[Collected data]

_ _ _ _ _ _ _

Lemma exists_large_term (f g : X -> Y -> R) (c : R) :
  (0 < #|A|)%N -> (0 < #|B|)%N -> (forall x y, `|f x y| <= 1) ->
  c * nAB <= \sum_(x in A) \sum_(y in B) f x y * g x y ->
  exists x y, [/\ x \in A, y \in B & c <= `|g x y|].
Proof.
move=> /card_gt0P[a aA] /card_gt0P[b bB] f_le1 c_le.
have [/existsP[x /existsP[y /and3P[xA yB]]]|/existsPn small] :=
  boolP [exists x, exists y, [&& x \in A, y \in B & c <= `|g x y|]]; first by exists x, y.
have {}small x y : x \in A -> y \in B -> `|g x y| < c.
  by move=> xA yB; move/existsPn/(_ y): (small x); rewrite xA yB /= -ltNge.
suff : \sum_(x in A) \sum_(y in B) f x y * g x y < c * nAB by rewrite ltNge c_le.
rewrite -sum_const_rect; apply: le_lt_trans (ler_norm _) _.
apply: le_lt_trans (ler_norm_sum _ _ _) _.
apply: ltr_sum; first by apply/hasP; exists a; rewrite ?mem_index_enum.
move=> x xA; apply: le_lt_trans (ler_norm_sum _ _ _) _.
apply: ltr_sum; first by apply/hasP; exists b; rewrite ?mem_index_enum.
move=> y yB; rewrite normrM; apply: le_lt_trans (small x y xA yB).
by rewrite -[leRHS]mul1r ler_wpM2r.
Qed.

End BoxNorm.

Section Balanced.
Variables (R : realType) (X Y : finType) (Z : {set X * Y}) (A : {set X}) (B : {set Y}).
Local Notation d := (dens R Z A B).
Local Notation f := (balanced R Z A B).
Local Notation D := (discrepancy R Z A B).
Local Notation nAB := (#|A|%:R * #|B|%:R : R).

Lemma sum_rect_indicator (S : {set X}) (T : {set Y}) :
  \sum_(x in S) \sum_(y in T) (((x, y) \in Z)%:R : R) = #|Z :&: setX S T|%:R.
Proof.
rewrite pair_big /= sum_indicator; congr _%:R.
by apply: eq_card => -[x y]; rewrite !inE andbC.
Qed.

Lemma sum_balanced (S : {set X}) (T : {set Y}) :
  \sum_(x in S) \sum_(y in T) f x y = D S T.
Proof.
under eq_bigr do rewrite sumrB.
by rewrite sumrB sum_rect_indicator sum_const_rect.
Qed.

Lemma discrepancy_full : D A B = 0.
Proof.
by rewrite /discrepancy /dens -natrM -cardsX mulrC card_mul_density subrr.
Qed.

Lemma dens_ge0_le1 : 0 <= d <= 1.
Proof.
rewrite /dens -natrM -cardsX; have [->|AB_gt0] := posnP #|setX A B|.
  by rewrite invr0 mulr0 lexx ler01.
rewrite divr_ge0 ?ler0n //= ler_pdivrMr ?ltr0n // mul1r ler_nat.
by rewrite subset_leq_card ?subsetIr.
Qed.

Lemma norm_balanced x y : `|f x y| = ((x, y) \in Z)%:R + d - 2 * ((x, y) \in Z)%:R * d.
Proof.
have /andP[d_ge0 d_le1] := dens_ge0_le1; rewrite /balanced.
case: ((x, y) \in Z); rewrite /= ?mulr1n ?mulr0n.
  by rewrite ger0_norm; lra.
by rewrite ler0_norm; lra.
Qed.

Lemma norm_balanced_le1 x y : `|f x y| <= 1.
Proof.
have /andP[? ?] := dens_ge0_le1; rewrite norm_balanced.
by case: ((x, y) \in Z); rewrite /= ?mulr1n ?mulr0n; lra.
Qed.

Lemma sum_norm_balanced : \sum_(x in A) \sum_(y in B) `|f x y| <= nAB / 2.
Proof.
(* The sum equals 2 d (1 - d) |A||B|. *)
have -> : \sum_(x in A) \sum_(y in B) `|f x y| =
    (1 - 2 * d) * \sum_(x in A) \sum_(y in B) (((x, y) \in Z)%:R : R)
    + \sum_(x in A) \sum_(y in B) d.
  rewrite mulr_sumr -big_split; apply: eq_bigr => x _.
  by rewrite mulr_sumr -big_split; apply: eq_bigr => y _; rewrite norm_balanced /=; ring.
have dAB : (#|Z :&: setX A B|%:R : R) = d * nAB.
  by apply/eqP; rewrite -subr_eq0 -discrepancy_full.
rewrite sum_rect_indicator sum_const_rect dAB.
have := mulr_ge0 (mulr_ge0 (ler0n _ #|A|) (ler0n _ #|B|)) (sqr_ge0 (d - 2^-1)); nra.
Qed.

Definition slice x' y' := \sum_(x in A) \sum_(y in B) f x y * f x y' * f x' y.

Lemma box_sum_balanced :
  box_sum A B f = \sum_(x' in A) \sum_(y' in B) f x' y' * slice x' y'.
Proof.
rewrite /box_sum exchange_big /=; apply: eq_bigr => x' _.
under eq_bigr do rewrite exchange_big /=.
rewrite exchange_big /=; apply: eq_bigr => y' _.
rewrite /slice big_distrr /=; apply: eq_bigr => x _.
by rewrite big_distrr /=; apply: eq_bigr => y _; ring.
Qed.

Lemma slice_balanced x' y' : x' \in A -> y' \in B ->
  let S := [set x in A | (x, y') \in Z] in let T := [set y in B | (x', y) \in Z] in
  slice x' y' = D S T - d * D S B - d * (D A T - d * D A B).
Proof.
move=> x'A y'B S T.
have SA : S \subset A by apply/subsetP => x; rewrite inE => /andP[].
have TB : T \subset B by apply/subsetP => y; rewrite inE => /andP[].
have fS : {in A, forall x, f x y' = (x \in S)%:R - d} by move=> x xA; rewrite inE xA.
have fT : {in B, forall y, f x' y = (y \in T)%:R - d} by move=> y yB; rewrite inE yB.
transitivity (\sum_(x in A) ((x \in S)%:R - d) *
                \sum_(y in B) ((y \in T)%:R - d) * f x y).
  apply: eq_bigr => x xA; rewrite mulr_sumr; apply: eq_bigr => y yB.
  by rewrite fS // fT //; ring.
under eq_bigr do rewrite sum_indicator_sub //.
by rewrite sum_indicator_sub // !sumrB -!mulr_sumr !sum_balanced.
Qed.

Lemma norm_slice_le x' y' : `|slice x' y'| <= nAB / 2.
Proof.
apply: le_trans sum_norm_balanced; rewrite /slice.
apply: le_trans (ler_norm_sum _ _ _) _; apply: ler_sum => x _.
apply: le_trans (ler_norm_sum _ _ _) _; apply: ler_sum => y _.
rewrite !normrM -[leRHS]mulr1 -mulrA ler_wpM2l //.
by rewrite -[1]mulr1 ler_pM ?norm_balanced_le1.
Qed.

Lemma exists_large_discrepancy (u : R) : 0 < u -> u <= boxnorm f A B ->
  u ^+ 4 <= 2^-1 /\
  exists (S : {set X}) (T : {set Y}),
    [/\ S \subset A, T \subset B & u ^+ 4 * nAB / 3 <= `|D S T|].
Proof.
move=> u_gt0 u_le; have [A_gt0 B_gt0 box_ge] := box_sum_ge_boxnorm u_gt0 u_le.
have nAB_gt0 : 0 < nAB by rewrite mulr_gt0 ?ltr0n.
have [x' [y' [x'A y'B slice_ge]]] :
    exists x' y', [/\ x' \in A, y' \in B & u ^+ 4 * nAB <= `|slice x' y'|].
  apply: exists_large_term A_gt0 B_gt0 (@norm_balanced_le1) _.
  by rewrite -box_sum_balanced -mulrA -expr2.
split.
  have := le_trans slice_ge (norm_slice_le x' y').
  by rewrite [nAB / 2]mulrC ler_pM2r.
move: (slice_balanced x'A y'B) => /=.
set S := [set x in A | _]; set T := [set y in B | _] => slice_eq.
have SA : S \subset A by apply/subsetP => x; rewrite inE => /andP[].
have TB : T \subset B by apply/subsetP => y; rewrite inE => /andP[].
have /andP[d_ge0 d_le1] := dens_ge0_le1.
have scale_le z : `|d * z| <= `|z| by rewrite normrM ger0_norm // ler_piMl.
have slice_le : `|slice x' y'| <= `|D S T| + `|D S B| + `|D A T|.
  rewrite slice_eq discrepancy_full mulr0 subr0.
  apply: le_trans (ler_normB _ _) _; rewrite lerD ?scale_le //.
  by apply: le_trans (ler_normB _ _) _; rewrite lerD ?scale_le.
have [ST|ST] := lerP (u ^+ 4 * nAB / 3) `|D S T|; first by exists S, T.
have [SB|SB] := lerP (u ^+ 4 * nAB / 3) `|D S B|; first by exists S, B.
exists A, T; split => //; have := le_trans slice_ge slice_le.
by set U := u ^+ 4 * nAB in ST SB *; lra.
Qed.

End Balanced.

Lemma pow6_le_sqr_div3 (R : realType) (v : R) : 0 <= v -> v <= 2^-1 -> v ^+ 6 <= (v / 3) ^+ 2.
Proof.
move=> v_ge0 v_le; have -> : v ^+ 6 = v ^+ 2 * v ^+ 4 by rewrite -exprD.
have -> : (v / 3) ^+ 2 = v ^+ 2 * 9^-1 by field.
rewrite ler_wpM2l ?sqr_ge0 //; apply: le_trans (_ : 2^-1 ^+ 4 <= _).
  by rewrite ler_pXn2r // ?nnegrE ?invr_ge0.
by rewrite (_ : 2^-1 ^+ 4 = 16^-1 :> R) ?lef_pV2 ?posrE ?ler_nat //; field.
Qed.

Section Increment.
Variables (R : realType) (X Y : finType) (Z : {set X * Y}).
Variables (PX : {set {set X}}) (PY : {set {set Y}}) (u : R).
Hypotheses (pX : partition PX [set: X]) (pY : partition PY [set: Y]) (u_gt0 : 0 < u).

(* The default [(set0, set0)] is only reached when no large rectangle exists, which
   [cut_rect_large] rules out on the cells of [Eset]. *)
Definition cut_rect (a : {set X}) (b : {set Y}) : {set X} * {set Y} :=
  odflt (set0, set0) [pick s : {set X} * {set Y} | [&& s.1 \subset a, s.2 \subset b &
    u ^+ 4 * (#|a|%:R * #|b|%:R) / 3 <= `|discrepancy R Z a b s.1 s.2|]].

Lemma cut_rect_subset a b : (cut_rect a b).1 \subset a /\ (cut_rect a b).2 \subset b.
Proof. by rewrite /cut_rect; case: pickP => [s /and3P[]|] //=; rewrite !sub0set. Qed.

Lemma cut_rect_large a b : u <= boxnorm (balanced R Z a b) a b ->
  u ^+ 4 <= 2^-1 /\
  u ^+ 4 * (#|a|%:R * #|b|%:R) / 3 <= `|discrepancy R Z a b (cut_rect a b).1 (cut_rect a b).2|.
Proof.
move=> u_le; have [u4_le [S [T [Sa Tb large]]]] := exists_large_discrepancy u_gt0 u_le.
split=> //; rewrite /cut_rect; case: pickP => [s /and3P[] //|none].
by have := none (S, T); rewrite /= Sa Tb large.
Qed.

Definition refined_X := split_partition PX PY (fun a b => (cut_rect a b).1).
Definition refined_Y := split_partition PY PX (fun b a => (cut_rect a b).2).
Local Notation P := (prodpart PX PY).
Local Notation P' := (prodpart refined_X refined_Y).

Lemma partition_refined_X : partition refined_X [set: X].
Proof. exact: split_partitionP. Qed.

Lemma partition_refined_Y : partition refined_Y [set: Y].
Proof. exact: split_partitionP. Qed.

Lemma refined_saturated : {in P, forall q, saturated P' q}.
Proof.
move=> _ /imset2P[a b aP bP ->].
by apply: saturated_setX; apply: saturated_split_block.
Qed.

Lemma energy_gain_cell a b : (a, b) \in Eset Z PX PY u ->
  u ^+ 24 * #|setX a b|%:R <=
  \sum_(z in setX a b) (condexp R Z P' z - condexp R Z P z) ^+ 2.
Proof.
rewrite !inE /= => /andP[/andP[aP bP] u_le]; have u_ge0 := ltW u_gt0.
have [u4_le large] := cut_rect_large u_le; have [Sa Tb] := cut_rect_subset a b.
set S := (cut_rect a b).1 in Sa large *; set T := (cut_rect a b).2 in Tb large *.
have satST : saturated P' (setX S T).
  by apply: saturated_setX; apply: saturated_split_piece.
have := discrepancy_sqr_le R Z (partition_prodpart pX pY)
  (partition_prodpart partition_refined_X partition_refined_Y)
  (imset2_f _ aP bP) (setXS Sa Tb) satST.
rewrite (_ : _ - _ = discrepancy R Z a b S T); last first.
  by rewrite /discrepancy /dens !cardsX !natrM [_ * (_ / _)]mulrC.
rewrite cardsX natrM => disc_le.
set n : R := #|a|%:R * #|b|%:R in large disc_le *; set s := \sum_(z in _) _ in disc_le *.
have n_ge0 : 0 <= n by rewrite mulr_ge0 ?ler0n.
have s_ge0 : 0 <= s by apply: sumr_ge0 => z _; apply: sqr_ge0.
have [n0|n_gt0] := eqVneq n 0; first by rewrite n0 mulr0.
have {}n_gt0 : 0 < n by rewrite lt0r n_gt0.
have gain : (u ^+ 4 / 3) ^+ 2 * n <= s.
  rewrite -(ler_pM2l n_gt0); apply: le_trans disc_le.
  rewrite (_ : n * _ = (u ^+ 4 * n / 3) ^+ 2); last by field.
  rewrite -[leRHS]real_normK ?num_real //.
  by rewrite ler_pXn2r // nnegrE divr_ge0 ?mulr_ge0 ?exprn_ge0.
apply: le_trans gain; rewrite ler_wpM2r //.
(* This is where the exponent C2 = 24 comes from. *)
have -> : u ^+ 24 = (u ^+ 4) ^+ 6 by rewrite -exprM.
by rewrite pow6_le_sqr_div3 ?exprn_ge0.
Qed.

Lemma refined_energy (tau : R) :
  tau <= #|\bigcup_(pq in Eset Z PX PY u) setX pq.1 pq.2|%:R / (#|X|%:R * #|Y|%:R) ->
  energy R Z P + tau * powR u 24 <= energy R Z P'.
Proof.
move=> tau_le; have u_ge0 := ltW u_gt0; rewrite powR_mulrn //.
apply: (energy_increment (partition_prodpart pX pY)
  (partition_prodpart partition_refined_X partition_refined_Y) refined_saturated
  (F := [set setX pq.1 pq.2 | pq in Eset Z PX PY u])).
- apply/subsetP => _ /imsetP[[a b] + ->]; rewrite !inE /= => /andP[/andP[aP bP] _].
  exact: imset2_f.
- exact: exprn_ge0.
- by move=> _ /imsetP[[a b] abE ->]; apply: energy_gain_cell.
- by rewrite cover_imset card_prod natrM.
Qed.

End Increment.

Theorem proposition9p14 :
  exists C2 : Rdefinitions.R, 0 < C2 /\
  forall (u tau : Rdefinitions.R), 0 < u < 1 -> 0 < tau < 1 ->
  forall (X Y : finType) (Z : {set X * Y})
         (PX : {set {set X}}) (PY : {set {set Y}}),
  partition PX [set: X] -> partition PY [set: Y] ->
  tau <= #|\bigcup_(pq in Eset Z PX PY u) setX pq.1 pq.2|%:R
           / (#|X|%:R * #|Y|%:R) ->
  exists (PX' : {set {set X}}) (PY' : {set {set Y}}),
    [/\ partition PX' [set: X], partition PY' [set: Y],
        (refines (prodpart PX' PY') (prodpart PX PY) /\
        energy Rdefinitions.R Z (prodpart PX PY) + tau * powR u C2
          <= energy Rdefinitions.R Z (prodpart PX' PY')),
        (multi PX' PX <= 2 ^ #|PY|)%N &
        (multi PY' PY <= 2 ^ #|PX|)%N].
Proof.
exists 24; split=> // u tau /andP[u_gt0 _] _ X Y Z PX PY pX pY tau_le.
exists (refined_X Z PX PY u), (refined_Y Z PX PY u); split.
- exact: partition_refined_X.
- exact: partition_refined_Y.
- split; last exact: refined_energy.
  apply: saturated_refines; last exact: refined_saturated.
  exact: partition_prodpart (partition_refined_X _ _ _ _) (partition_refined_Y _ _ _ _).
- exact: multi_split_partition.
- exact: multi_split_partition.
Qed.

_ _ _ _ _ _ _

Write out exactly the lines that fall from the line with "by rewrite ger0_norm; lra." to the line with "(* The sum equals 2 d (1 - d) |A||B|. *)" in the records above, keeping both ends.

  by rewrite ger0_norm; lra.
by rewrite ler0_norm; lra.
Qed.

Lemma norm_balanced_le1 x y : `|f x y| <= 1.
Proof.
have /andP[? ?] := dens_ge0_le1; rewrite norm_balanced.
by case: ((x, y) \in Z); rewrite /= ?mulr1n ?mulr0n; lra.
Qed.

Lemma sum_norm_balanced : \sum_(x in A) \sum_(y in B) `|f x y| <= nAB / 2.
Proof.
(* The sum equals 2 d (1 - d) |A||B|. *)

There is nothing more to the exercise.